Harne's story may seem distant or even far-fetched to those of us who live in Hong Kong. But this is the reality for 18 million people at risk of severe hunger across a band of Africa that stretches thousands of kilometers from Senegal in the west to Chad in the center of the continent.

This year has been a bad year with little rain. The year before last was also bad and five years ago the rains also failed. Even in good years, women like Harne resort to raiding ants' nests to feed their families during the "hungry season". Desperate acts such as this are the norm for many in this part of Africa.

The world knows what to do in the short term to save lives and what to do in the long term to secure people's quality of life. The tragedy is that the world fails to do it.

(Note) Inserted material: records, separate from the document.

(* Let $\alpha_1,\alpha_2,\alpha_3,\alpha_4\in\mathbb{C}$ be pairwise distinct. Let $f:\mathbb{Z}^4\to\mathbb{C}$ be a solution of the discrete potential KdV equation on every elementary square of $\mathbb{Z}^4$, namely $$(f_{i,j}-f)(f_i-f_j)=\alpha_i-\alpha_j\qquad\text{for all } 1\le i<j\le 4,$$ at every vertex. Assume the solution is generic, so that all denominators below are nonzero. Define $$x=\frac{f_1-f_3}{f_2-f_3},\qquad v=\frac{f_1-f_4}{f_2-f_4},$$ $$y=\frac{f_{1,3}-f_{3,4}}{f_{2,3}-f_{3,4}},\qquad u=\frac{f_{1,4}-f_{3,4}}{f_{2,4}-f_{3,4}}.$$ Thus $y$ is the shift of $v$ in direction $3$, and $u$ is the shift of $x$ in direction $4$. Then the following hold. (i) The quantities $x,y,u,v$ are invariant under the three-parameter symmetry group $G$ of the equation, which is generated by $$f\mapsto f+\varepsilon_1,\qquad f\mapsto f\,e^{\varepsilon_2(-1)^{n_1+n_2+n_3+n_4}},\qquad f\mapsto f+\varepsilon_3(-1)^{n_1+n_2+n_3+n_4}.$$ (ii) They are related by the Harrison map: $$u=yQ,\qquad v=xQ^{-1},$$ $$Q=\frac{(1-\gamma_2)+(\gamma_2-\gamma_1)x+\gamma_2(\gamma_1-1)xy}{(1-\gamma_1)+(\gamma_1-\gamma_2)y+\gamma_1(\gamma_2-1)xy},$$ where $$\gamma_1=\frac{\alpha_2-\alpha_3}{\alpha_1-\alpha_3},\qquad \gamma_2=\frac{\alpha_2-\alpha_4}{\alpha_1-\alpha_4}.$$ (iii) The Harrison map $R(x,y;\gamma_1,\gamma_2)=(yQ,\,xQ^{-1})$ is a Yang–Baxter map, i.e. $$R^{23}(\gamma_2,\gamma_3)R^{13}(\gamma_1,\gamma_3)R^{12}(\gamma_1,\gamma_2)=R^{12}(\gamma_1,\gamma_2)R^{13}(\gamma_1,\gamma_3)R^{23}(\gamma_2,\gamma_3).$$
   Context: Notation: $f=f(n)$, $f_i=f(n+e_i)$, $f_{i,j}=f(n+e_i+e_j)$ for $n=(n_1,\dots,n_4)\in\mathbb{Z}^4$, where $e_i$ are the unit vectors. For a map $R(x,y)=(F(x,y),H(x,y))$ on $\mathbb{X}\times\mathbb{X}$, the map $R^{ij}$ on $\mathbb{X}^3$ acts as $R$ on factors $i<j$, placing $F$ in slot $i$ and $H$ in slot $j$, and as the identity on the remaining factor. It uses the parameters indicated. *)

From HB Require Import structures.
From mathcomp Require Import all_boot all_order all_algebra.
From mathcomp Require Import complex.
From mathcomp Require Import all_classical all_reals all_analysis.
Set Implicit Arguments. Unset Strict Implicit. Unset Printing Implicit Defensive.
Import Order.TTheory GRing.Theory Num.Theory.
Local Open Scope ring_scope.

For the short term, we need to act more quickly when we see the warning signs. A report by Oxfam and Save the Children on last year's East Africa food crisis showed that thousands of lives were lost due to slow response to that catastrophe. Acting early to save lives makes not only moral sense but also economic sense. During the 2004-05 food crisis in Niger, the UN's humanitarian chief, Jan Egeland, pointed out that when the warning signs began to appear, it would cost $1 per day to save a child from malnutrition, but once the crisis had fully arisen, it cost $80 a day. Given that governments around the world are concerned whether we are getting the most from every aid dollar, it is perverse that politicians were shown to be so reluctant to act sooner.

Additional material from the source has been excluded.